__TASK PROMPT__
With the records below as your source, retype each line exactly from the top down to the line that contains "Section Bimoment.", and include that line.

-------- RECORDS PROVIDED --------

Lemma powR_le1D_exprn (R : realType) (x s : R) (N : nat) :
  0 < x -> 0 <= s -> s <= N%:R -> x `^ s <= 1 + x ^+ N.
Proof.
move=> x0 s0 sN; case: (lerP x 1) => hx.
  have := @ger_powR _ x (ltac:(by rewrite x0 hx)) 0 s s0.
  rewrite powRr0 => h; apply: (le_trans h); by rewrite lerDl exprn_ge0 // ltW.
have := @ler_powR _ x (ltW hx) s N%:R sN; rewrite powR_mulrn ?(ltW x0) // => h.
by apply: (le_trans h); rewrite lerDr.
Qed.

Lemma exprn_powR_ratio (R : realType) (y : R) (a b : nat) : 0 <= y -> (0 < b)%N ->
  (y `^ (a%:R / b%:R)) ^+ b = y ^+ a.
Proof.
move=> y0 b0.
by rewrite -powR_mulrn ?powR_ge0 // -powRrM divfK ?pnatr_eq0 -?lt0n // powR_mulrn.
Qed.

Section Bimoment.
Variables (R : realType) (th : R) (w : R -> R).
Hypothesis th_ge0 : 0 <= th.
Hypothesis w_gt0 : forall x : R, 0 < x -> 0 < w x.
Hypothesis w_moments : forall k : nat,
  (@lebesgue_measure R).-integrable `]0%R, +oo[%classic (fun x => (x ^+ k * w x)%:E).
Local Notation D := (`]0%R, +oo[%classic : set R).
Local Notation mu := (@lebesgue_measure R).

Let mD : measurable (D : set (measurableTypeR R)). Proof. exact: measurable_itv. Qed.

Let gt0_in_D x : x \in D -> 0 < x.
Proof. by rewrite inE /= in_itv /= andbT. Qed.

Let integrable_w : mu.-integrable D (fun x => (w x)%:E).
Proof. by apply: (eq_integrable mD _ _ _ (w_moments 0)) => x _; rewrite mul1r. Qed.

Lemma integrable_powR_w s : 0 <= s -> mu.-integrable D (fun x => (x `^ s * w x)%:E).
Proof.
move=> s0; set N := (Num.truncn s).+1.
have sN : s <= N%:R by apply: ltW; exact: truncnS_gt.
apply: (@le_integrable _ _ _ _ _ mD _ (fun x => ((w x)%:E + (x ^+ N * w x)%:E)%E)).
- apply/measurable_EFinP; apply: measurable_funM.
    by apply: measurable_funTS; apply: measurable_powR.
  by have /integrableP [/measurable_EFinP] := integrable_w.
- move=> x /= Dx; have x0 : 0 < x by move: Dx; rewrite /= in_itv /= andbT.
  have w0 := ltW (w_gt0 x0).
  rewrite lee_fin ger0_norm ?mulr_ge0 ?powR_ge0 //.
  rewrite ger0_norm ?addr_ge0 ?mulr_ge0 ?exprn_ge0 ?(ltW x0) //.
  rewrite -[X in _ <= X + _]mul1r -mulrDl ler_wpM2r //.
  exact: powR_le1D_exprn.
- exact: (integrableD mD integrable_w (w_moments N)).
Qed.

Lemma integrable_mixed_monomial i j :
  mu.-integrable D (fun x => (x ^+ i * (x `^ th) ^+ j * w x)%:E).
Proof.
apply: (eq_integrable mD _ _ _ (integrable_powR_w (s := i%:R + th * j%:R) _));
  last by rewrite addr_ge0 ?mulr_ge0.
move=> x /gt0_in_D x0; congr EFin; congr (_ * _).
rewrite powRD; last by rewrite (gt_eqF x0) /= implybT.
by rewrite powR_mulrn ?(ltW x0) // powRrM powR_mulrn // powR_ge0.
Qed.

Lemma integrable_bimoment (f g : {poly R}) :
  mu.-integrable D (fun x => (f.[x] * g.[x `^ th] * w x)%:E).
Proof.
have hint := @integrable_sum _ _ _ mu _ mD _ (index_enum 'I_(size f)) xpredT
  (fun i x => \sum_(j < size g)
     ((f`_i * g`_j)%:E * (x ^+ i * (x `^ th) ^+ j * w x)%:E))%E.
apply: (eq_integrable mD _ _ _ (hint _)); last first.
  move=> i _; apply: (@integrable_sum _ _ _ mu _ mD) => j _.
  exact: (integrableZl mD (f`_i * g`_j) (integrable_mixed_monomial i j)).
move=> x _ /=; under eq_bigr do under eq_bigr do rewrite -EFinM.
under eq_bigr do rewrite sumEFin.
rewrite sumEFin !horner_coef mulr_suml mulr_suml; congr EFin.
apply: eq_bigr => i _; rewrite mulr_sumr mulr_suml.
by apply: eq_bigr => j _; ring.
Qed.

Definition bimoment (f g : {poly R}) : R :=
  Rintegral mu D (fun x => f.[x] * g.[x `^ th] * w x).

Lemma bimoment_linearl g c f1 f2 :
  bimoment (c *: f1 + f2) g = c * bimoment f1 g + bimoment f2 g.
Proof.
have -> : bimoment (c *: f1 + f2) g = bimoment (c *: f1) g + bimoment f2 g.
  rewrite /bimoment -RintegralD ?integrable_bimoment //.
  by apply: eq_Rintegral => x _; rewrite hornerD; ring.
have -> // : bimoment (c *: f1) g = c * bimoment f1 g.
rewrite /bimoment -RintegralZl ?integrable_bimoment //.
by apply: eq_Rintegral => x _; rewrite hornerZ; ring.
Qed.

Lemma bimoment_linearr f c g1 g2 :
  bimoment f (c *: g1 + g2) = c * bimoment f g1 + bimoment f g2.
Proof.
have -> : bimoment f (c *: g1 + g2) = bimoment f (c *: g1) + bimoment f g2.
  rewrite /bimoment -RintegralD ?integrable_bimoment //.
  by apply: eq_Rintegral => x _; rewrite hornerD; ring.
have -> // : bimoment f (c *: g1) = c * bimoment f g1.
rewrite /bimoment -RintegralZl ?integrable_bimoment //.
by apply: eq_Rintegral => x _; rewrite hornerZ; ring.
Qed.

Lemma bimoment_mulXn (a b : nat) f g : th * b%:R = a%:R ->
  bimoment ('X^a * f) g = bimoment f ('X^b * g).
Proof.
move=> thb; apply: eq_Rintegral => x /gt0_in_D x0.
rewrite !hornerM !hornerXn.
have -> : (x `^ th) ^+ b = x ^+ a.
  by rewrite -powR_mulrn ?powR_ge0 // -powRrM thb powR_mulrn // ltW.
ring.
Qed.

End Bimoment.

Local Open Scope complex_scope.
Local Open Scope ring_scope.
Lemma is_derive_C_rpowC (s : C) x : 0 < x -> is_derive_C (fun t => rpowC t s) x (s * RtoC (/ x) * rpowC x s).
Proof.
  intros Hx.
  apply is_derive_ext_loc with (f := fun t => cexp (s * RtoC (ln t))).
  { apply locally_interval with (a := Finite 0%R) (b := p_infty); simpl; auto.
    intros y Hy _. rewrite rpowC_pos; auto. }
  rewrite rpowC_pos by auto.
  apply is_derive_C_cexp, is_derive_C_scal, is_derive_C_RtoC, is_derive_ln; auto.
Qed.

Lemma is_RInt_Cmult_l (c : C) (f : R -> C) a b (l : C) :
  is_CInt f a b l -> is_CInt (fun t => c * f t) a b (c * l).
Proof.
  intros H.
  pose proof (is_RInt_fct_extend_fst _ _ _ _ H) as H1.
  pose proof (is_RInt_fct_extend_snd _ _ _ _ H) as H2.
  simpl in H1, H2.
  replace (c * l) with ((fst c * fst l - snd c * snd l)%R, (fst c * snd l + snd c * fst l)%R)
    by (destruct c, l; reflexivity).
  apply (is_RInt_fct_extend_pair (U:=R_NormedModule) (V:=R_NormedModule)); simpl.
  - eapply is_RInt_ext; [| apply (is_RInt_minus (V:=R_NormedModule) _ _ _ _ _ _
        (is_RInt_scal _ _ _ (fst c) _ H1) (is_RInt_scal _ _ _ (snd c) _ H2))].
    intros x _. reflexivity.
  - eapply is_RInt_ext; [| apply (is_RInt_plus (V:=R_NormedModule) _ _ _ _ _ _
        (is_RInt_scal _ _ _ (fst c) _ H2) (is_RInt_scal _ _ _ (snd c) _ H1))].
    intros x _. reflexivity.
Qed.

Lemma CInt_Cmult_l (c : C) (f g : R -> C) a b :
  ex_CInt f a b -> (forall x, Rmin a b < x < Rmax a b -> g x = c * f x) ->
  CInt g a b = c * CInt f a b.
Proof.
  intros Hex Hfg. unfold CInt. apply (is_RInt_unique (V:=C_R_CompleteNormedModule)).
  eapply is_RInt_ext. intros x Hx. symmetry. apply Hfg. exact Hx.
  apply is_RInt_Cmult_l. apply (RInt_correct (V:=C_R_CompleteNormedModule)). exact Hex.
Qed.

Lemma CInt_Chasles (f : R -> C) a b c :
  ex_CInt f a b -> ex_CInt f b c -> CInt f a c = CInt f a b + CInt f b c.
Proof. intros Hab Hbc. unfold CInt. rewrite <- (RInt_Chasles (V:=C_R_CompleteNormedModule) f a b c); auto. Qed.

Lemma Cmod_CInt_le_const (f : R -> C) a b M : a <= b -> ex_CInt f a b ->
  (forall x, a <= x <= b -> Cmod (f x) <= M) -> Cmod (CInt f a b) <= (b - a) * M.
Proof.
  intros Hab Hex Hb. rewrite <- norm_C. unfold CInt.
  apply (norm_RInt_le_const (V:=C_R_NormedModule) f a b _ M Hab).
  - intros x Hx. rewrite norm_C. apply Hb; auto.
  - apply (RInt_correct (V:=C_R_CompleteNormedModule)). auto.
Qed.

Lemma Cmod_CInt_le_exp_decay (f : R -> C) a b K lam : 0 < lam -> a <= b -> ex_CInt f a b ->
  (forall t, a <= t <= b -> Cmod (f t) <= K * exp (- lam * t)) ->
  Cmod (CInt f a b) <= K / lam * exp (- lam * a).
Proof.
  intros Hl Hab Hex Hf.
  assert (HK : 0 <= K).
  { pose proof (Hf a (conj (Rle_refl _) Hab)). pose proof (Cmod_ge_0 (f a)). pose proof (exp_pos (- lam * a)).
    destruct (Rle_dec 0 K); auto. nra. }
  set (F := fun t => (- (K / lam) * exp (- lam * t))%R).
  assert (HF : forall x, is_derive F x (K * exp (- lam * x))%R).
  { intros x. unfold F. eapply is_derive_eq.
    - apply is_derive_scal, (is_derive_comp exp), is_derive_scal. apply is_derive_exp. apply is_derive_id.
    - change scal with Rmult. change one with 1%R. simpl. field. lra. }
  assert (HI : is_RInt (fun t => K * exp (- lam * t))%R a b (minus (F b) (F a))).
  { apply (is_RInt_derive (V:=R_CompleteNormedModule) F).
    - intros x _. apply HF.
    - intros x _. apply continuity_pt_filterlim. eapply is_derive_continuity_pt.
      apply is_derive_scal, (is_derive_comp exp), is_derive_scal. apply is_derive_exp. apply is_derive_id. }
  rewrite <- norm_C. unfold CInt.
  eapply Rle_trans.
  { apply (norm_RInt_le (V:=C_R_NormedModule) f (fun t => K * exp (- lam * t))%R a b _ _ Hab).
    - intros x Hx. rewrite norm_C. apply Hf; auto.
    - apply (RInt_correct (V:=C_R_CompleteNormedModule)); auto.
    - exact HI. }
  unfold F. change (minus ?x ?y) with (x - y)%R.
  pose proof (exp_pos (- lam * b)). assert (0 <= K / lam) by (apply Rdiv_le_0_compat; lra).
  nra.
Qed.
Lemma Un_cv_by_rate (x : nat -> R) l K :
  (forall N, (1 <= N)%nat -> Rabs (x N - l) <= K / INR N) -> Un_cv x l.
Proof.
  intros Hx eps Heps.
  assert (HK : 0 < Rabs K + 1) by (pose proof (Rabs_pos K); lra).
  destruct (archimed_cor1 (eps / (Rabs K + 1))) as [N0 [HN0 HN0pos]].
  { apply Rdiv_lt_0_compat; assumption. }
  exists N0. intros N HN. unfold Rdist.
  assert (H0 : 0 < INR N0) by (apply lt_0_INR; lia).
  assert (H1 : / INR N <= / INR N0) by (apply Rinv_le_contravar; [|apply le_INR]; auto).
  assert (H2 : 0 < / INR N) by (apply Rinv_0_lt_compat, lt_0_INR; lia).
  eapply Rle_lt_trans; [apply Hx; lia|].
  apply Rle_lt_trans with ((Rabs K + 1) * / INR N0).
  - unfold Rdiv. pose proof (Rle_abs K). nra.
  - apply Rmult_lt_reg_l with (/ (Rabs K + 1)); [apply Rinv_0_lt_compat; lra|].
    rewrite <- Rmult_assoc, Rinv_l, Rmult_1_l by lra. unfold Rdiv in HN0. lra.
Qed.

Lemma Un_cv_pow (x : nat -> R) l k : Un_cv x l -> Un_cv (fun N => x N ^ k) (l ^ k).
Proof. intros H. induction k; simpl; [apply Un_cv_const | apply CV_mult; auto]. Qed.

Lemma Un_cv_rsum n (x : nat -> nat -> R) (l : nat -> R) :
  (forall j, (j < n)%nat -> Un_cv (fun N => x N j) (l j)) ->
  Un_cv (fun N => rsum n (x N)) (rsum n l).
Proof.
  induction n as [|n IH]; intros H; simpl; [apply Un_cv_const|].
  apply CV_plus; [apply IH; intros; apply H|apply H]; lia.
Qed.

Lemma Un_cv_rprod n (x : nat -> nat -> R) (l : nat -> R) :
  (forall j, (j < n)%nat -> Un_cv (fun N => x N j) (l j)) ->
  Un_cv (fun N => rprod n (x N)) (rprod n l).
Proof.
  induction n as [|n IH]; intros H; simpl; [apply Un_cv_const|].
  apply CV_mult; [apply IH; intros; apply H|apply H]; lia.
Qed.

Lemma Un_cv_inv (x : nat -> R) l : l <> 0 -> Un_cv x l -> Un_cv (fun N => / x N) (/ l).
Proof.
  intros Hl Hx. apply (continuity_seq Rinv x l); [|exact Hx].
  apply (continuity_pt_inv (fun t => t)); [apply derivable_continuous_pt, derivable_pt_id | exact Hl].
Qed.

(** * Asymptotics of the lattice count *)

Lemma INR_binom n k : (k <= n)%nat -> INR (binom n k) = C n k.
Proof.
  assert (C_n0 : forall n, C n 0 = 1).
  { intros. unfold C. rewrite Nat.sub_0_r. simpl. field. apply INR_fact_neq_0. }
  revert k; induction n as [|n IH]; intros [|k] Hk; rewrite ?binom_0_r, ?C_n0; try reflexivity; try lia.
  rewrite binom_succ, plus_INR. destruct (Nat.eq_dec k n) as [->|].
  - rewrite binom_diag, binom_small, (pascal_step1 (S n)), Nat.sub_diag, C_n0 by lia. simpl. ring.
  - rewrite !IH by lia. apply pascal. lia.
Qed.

--------

__ANSWER BOX__
Lemma powR_le1D_exprn (R : realType) (x s : R) (N : nat) :
  0 < x -> 0 <= s -> s <= N%:R -> x `^ s <= 1 + x ^+ N.
Proof.
move=> x0 s0 sN; case: (lerP x 1) => hx.
  have := @ger_powR _ x (ltac:(by rewrite x0 hx)) 0 s s0.
  rewrite powRr0 => h; apply: (le_trans h); by rewrite lerDl exprn_ge0 // ltW.
have := @ler_powR _ x (ltW hx) s N%:R sN; rewrite powR_mulrn ?(ltW x0) // => h.
by apply: (le_trans h); rewrite lerDr.
Qed.

Lemma exprn_powR_ratio (R : realType) (y : R) (a b : nat) : 0 <= y -> (0 < b)%N ->
  (y `^ (a%:R / b%:R)) ^+ b = y ^+ a.
Proof.
move=> y0 b0.
by rewrite -powR_mulrn ?powR_ge0 // -powRrM divfK ?pnatr_eq0 -?lt0n // powR_mulrn.
Qed.

Section Bimoment.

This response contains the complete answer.